Wilson has been pursuing these personalized implementations of conversational AI for well over a decade, and is leading a team that’s logged over 2,000,000 hours of testing on more than 20,000 conversational AI applications. All of that work has led to the development of an in-depth strategy for creating ecosystems in which conversational AI can be sequenced with other advanced technologies to achieve states of what’s known as hyperautomantion. (If you’re at all interested in understanding where conversational AI is ultimately headed, and how hyper-personalized experiences with technology will evolve, I highly recommend reading his white paper, Age of Invisible Machines.)
Problem, meet solution: Next steps for conversational AI
Clearly, mobile applications are dealing with some issues. And, according to Wilson, organic adoption of conversational AI tech will help solve that. But it’s not as simple as buying new tech and plugging it into your app.

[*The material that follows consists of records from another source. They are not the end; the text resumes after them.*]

Lemma filter_meets_at_most_once (s : seq Z) :
  uniq s -> meets_at_most_once A s ->
  [seq y <- s | y \in A] = [::] \/ exists y, [seq y <- s | y \in A] = [:: y].
Proof.
move=> uniq_s meet_As; have := filter_uniq (mem A) uniq_s.
have mem_f y : y \in [seq y <- s | y \in A] -> (y \in A) && (y \in s) by rewrite mem_filter.
case: [seq y <- s | y \in A] mem_f => [|y [|z f]] mem_f; [by left | by right; exists y |].
have /andP[Ay sy] := mem_f y (mem_head _ _).
have /andP[Az sz] : (z \in A) && (z \in s) by rewrite mem_f // !in_cons eqxx orbT.
by rewrite /= (meet_As y z Ay Az sy sz) mem_head.
Qed.

Lemma restrict_left_comb t :
  uniq (leaves t) -> partial_transversal (map (@leaves Z) (left_hangs t)) A ->
  restrict A t =
    if [seq y <- leaves t | y \in A] is x :: p then Some (left_comb x p) else None.
Proof.
elim: t => [x|l IHl r _] /=; first by case: (x \in A).
rewrite cat_uniq => /and3P[uniq_l _ uniq_r] tA.
rewrite filter_cat IHl // => [|b bl]; last by apply: tA; rewrite in_cons bl orbT.
have [fr0|[y fr1]] := filter_meets_at_most_once uniq_r (tA _ (mem_head _ _)).
  by rewrite fr0 (restrict_none fr0) cats0; case: [seq y <- leaves l | y \in A].
rewrite fr1 (restrict_leaf fr1); case: [seq y <- leaves l | y \in A] => [|x p] //=.
by rewrite cats1 left_comb_rcons.
Qed.

Lemma restrict_right_comb t :
  uniq (leaves t) -> partial_transversal (map (@leaves Z) (right_hangs t)) A ->
  restrict A t =
    if [seq y <- leaves t | y \in A] is x :: p then Some (right_comb x p) else None.
Proof.
elim: t => [x|l _ r IHr] /=; first by case: (x \in A).
rewrite cat_uniq => /and3P[uniq_l _ uniq_r] tA.
rewrite filter_cat IHr // => [|b br]; last by apply: tA; rewrite in_cons br orbT.
have [fl0|[y fl1]] := filter_meets_at_most_once uniq_l (tA _ (mem_head _ _)).
  by rewrite fl0 (restrict_none fl0); case: [seq y <- leaves r | y \in A].
by rewrite fl1 (restrict_leaf fl1); case: [seq y <- leaves r | y \in A].
Qed.

Lemma restrict_caterpillars t1 t2 :
  uniq (leaves t1) -> leaves t1 = leaves t2 -> has (mem A) (leaves t1) ->
  partial_transversal (map (@leaves Z) (left_hangs t1)) A ->
  partial_transversal (map (@leaves Z) (right_hangs t2)) A ->
  exists c1 c2, [/\ restrict A t1 = Some c1, restrict A t2 = Some c2,
                    uiso c1 c2, caterpillar c1 & caterpillar c2].
Proof.
move=> uniq1 eq12 hasA tA1 tA2; have uniq2 : uniq (leaves t2) by rewrite -eq12.
rewrite (restrict_left_comb uniq1 tA1) (restrict_right_comb uniq2 tA2) -eq12.
case fA: [seq y <- leaves t1 | y \in A] hasA => [|x p]; first by rewrite has_filter fA.
exists (left_comb x p), (right_comb x p); split => //.
- exact: uiso_left_right_comb.
- exact: caterpillar_left_comb.
- exact: caterpillar_right_comb.
Qed.

End Restriction.

Section LeafBlocks.
Variable Z : finType.
Implicit Types t : btree Z.

Lemma flatten_left_hangs t : flatten (rev (map (@leaves Z) (left_hangs t))) = leaves t.
Proof.
elim: t => [x|l IHl r _] //=.
by rewrite rev_cons -cats1 flatten_cat /= cats0 IHl.
Qed.

Lemma flatten_right_hangs t : flatten (map (@leaves Z) (right_hangs t)) = leaves t.
Proof. by elim: t => [x|l _ r IHr] //=; rewrite IHr. Qed.

Lemma nleaves_gt0 t : 0 < nleaves t.
Proof. by elim: t => [x|l IHl r _] //=; rewrite /nleaves size_cat ltn_addr. Qed.

Lemma card_Ztree t : is_Ztree t -> #|Z| = nleaves t.
Proof.
case/andP=> uniq_t /forallP all_t; rewrite /nleaves -(card_uniqP uniq_t).
by apply: eq_card => z; rewrite all_t.
Qed.

End LeafBlocks.

Lemma mem_map_In (T : Type) (U : eqType) (f : T -> U) (s : seq T) u :
  u \in map f s -> exists2 x, List.In x s & u = f x.
Proof.
elim: s => [|x s IH] //=; rewrite in_cons => /predU1P[->|/IH[y ys ->]].
  by exists x; first left.
by exists y; first right.
Qed.

Lemma nat_size_bound (T : eqType) (S : seq (seq T)) (X : R) :
  Rlt 0 X -> (forall b, b \in S -> Rlt (INR (size b)) X) ->
  exists M, {in S, forall b, size b <= M} /\ Rlt (INR M) X.
Proof.
move=> X_gt0 S_lt; exists (\max_(b <- S) size b); split.
  by move=> b bS; apply: leq_bigmax_seq.
rewrite big_seq.
by apply: (big_ind (fun m => Rlt (INR m) X)) => // i j; rewrite /maxn; case: ifP.
Qed.

Lemma log2_gt0 x : Rlt 1 x -> Rlt 0 (log2 x).
Proof.
by move=> x_gt1; apply: Rdiv_lt_0_compat; rewrite -ln_1; apply: ln_increasing; lra.
Qed.

Lemma le_INR_of_cover (N r M : nat) (L : R) :
  Rlt 0 L -> Rlt (INR M) (Rdiv (INR N) L) -> (N <= r * M)%N -> Rle L (INR r).
Proof.
move=> L_gt0 M_lt /leP/le_INR; rewrite mult_INR => N_le.
have ML_lt : Rlt (INR M * L) (INR N).
  rewrite -[INR N](_ : Rdiv (INR N) L * L = INR N)%R; last by field; lra.
  exact: Rmult_lt_compat_r.
have := pos_INR M; nra.
Qed.

Theorem lemma2 (n : nat) (Z : finType) (T1 T2 : btree Z) :
  (2 <= n)%N ->
  is_Ztree T1 -> is_Ztree T2 ->
  leaves T1 = leaves T2 ->
  (forall Q, List.In Q (left_hangs T1) ->
     Rlt (INR (nleaves Q)) (Rdiv (INR #|Z|) (log2 (INR n)))) ->
  (forall Rt, List.In Rt (right_hangs T2) ->
     Rlt (INR (nleaves Rt)) (Rdiv (INR #|Z|) (log2 (INR n)))) ->
  exists A : {set Z},
    Rle (log2 (INR n)) (INR #|A|) /\
    exists t1 t2 : btree Z,
      [/\ restrict A T1 = Some t1, restrict A T2 = Some t2,
          uiso t1 t2, caterpillar t1 & caterpillar t2].
Proof.
move=> n_ge2 ZT1 _ eq12 hQ hR; have /andP[uniq1 _] := ZT1.
set L := log2 (INR n).
have L_gt0 : Rlt 0 L by apply/log2_gt0/lt_1_INR/ltP.
set B := rev (map (@leaves Z) (left_hangs T1)).
set C := map (@leaves Z) (right_hangs T2).
have eB : flatten B = leaves T1 by exact: flatten_left_hangs.
have eC : flatten C = leaves T1 by rewrite flatten_right_hangs eq12.
have [M [szBC M_lt]] : exists M, {in B ++ C, forall b, size b <= M} /\
                                 Rlt (INR M) (Rdiv (INR (size (leaves T1))) L).
  apply: nat_size_bound => [|b]; rewrite -/(nleaves T1) -(card_Ztree ZT1).
    by apply: Rdiv_lt_0_compat; rewrite // (card_Ztree ZT1); apply/lt_0_INR/ltP/nleaves_gt0.
  by rewrite mem_cat mem_rev => /orP[] /mem_map_In[Q inQ ->]; [exact: hQ | exact: hR].
have szB : {in B, forall b, size b <= M} by move=> b bB; rewrite szBC // mem_cat bB.
have szC : {in C, forall c, size c <= M} by move=> c cC; rewrite szBC // mem_cat cC orbT.
have [a [uniq_a sub_a tB tC cover]] := common_partial_transversal eB eC uniq1 szB szC.
have L_le : Rle L (INR (size a)) by apply: le_INR_of_cover L_gt0 M_lt cover.
exists [set y in a]; split; first by rewrite cardsE (card_uniqP uniq_a).
apply: restrict_caterpillars => //.
- case: a {uniq_a tB tC cover} sub_a L_le => [_ /= ?|z a sub_za _]; first lra.
  by apply/hasP; exists z; [exact: sub_za (mem_head _ _) | rewrite /= inE mem_head].
- by move=> b bB u v; rewrite !inE; apply: tB; rewrite mem_rev.
- by move=> c cC u v; rewrite !inE; apply: tC.
Qed.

When I asked Wilson where companies could look for examples of good conversational AI in action—or, for that matter, educational resources to educate the next generation of businesses—he admitted there are slim pickings.
“There’s not a lot out there yet, to be honest,” he says. “And those companies that are doing it are doing it kind of as a trial-and-error test.”
What you see now are chatbots—clunky, for the most part, owing to only basic knowledge of bot scripting and nascent AI. But things are improving, slowly.
To paraphrase Wilson’s predictions:
The path to conversational AI that really serves as a personal assistant in an app is going to come with improved natural language understanding (NLU) technology, more seamless integration with business and consumer data, and the ability to run a network of interconnected algorithms instantaneously to deliver hyper-personalized content in a human-centric, conversational interface.
And while, he admits, there is no clear vision for how the conversational AI-driven apps of the future will ultimately be developed, it’s worthwhile diving in now—for the learnings.
“The first step for any business is to deploy a chatbot in their app,” he urges. “And don’t go simple. Pick something that’s more sophisticated—if budget allows—so that you can deliver an even more personalized customer experience.”
Yes, he acknowledges, the chatbot you deploy today may be obsolete in a year and you’ll need to start over with new tech. But it won’t be a loss. You will have learned not just how to script conversation for bots and how to train them to follow a complicated decision tree or handle custom requests. You will have changed your thinking.
“Think of it this way,” Wilson suggests. “Instead of organizing your business in Excel, you’ll start doing it with bots—bots that can learn both from your staff and from the patterns in customer engagement. Instead of digging up info in a spreadsheet, you’ll just ask a bot to find it for you.”
And in this fundamental shift, you will understand that conversation is not just a convenience or a fun application feature—it’s how we do everything in our lives.
As idyllic as all of this sounds, I prod Wilson for a timeline: When will we actually see this come to pass?
“Big companies are already starting to roll it out,” he tells me. “There’s a bigger return on investment for them so they’re actively working on it.” And as soon as they roll it out, Wilson predicts, we’ll all be using it.
It’s only a matter of time, then, until sophisticated, conversational AI becomes the norm—not the exception.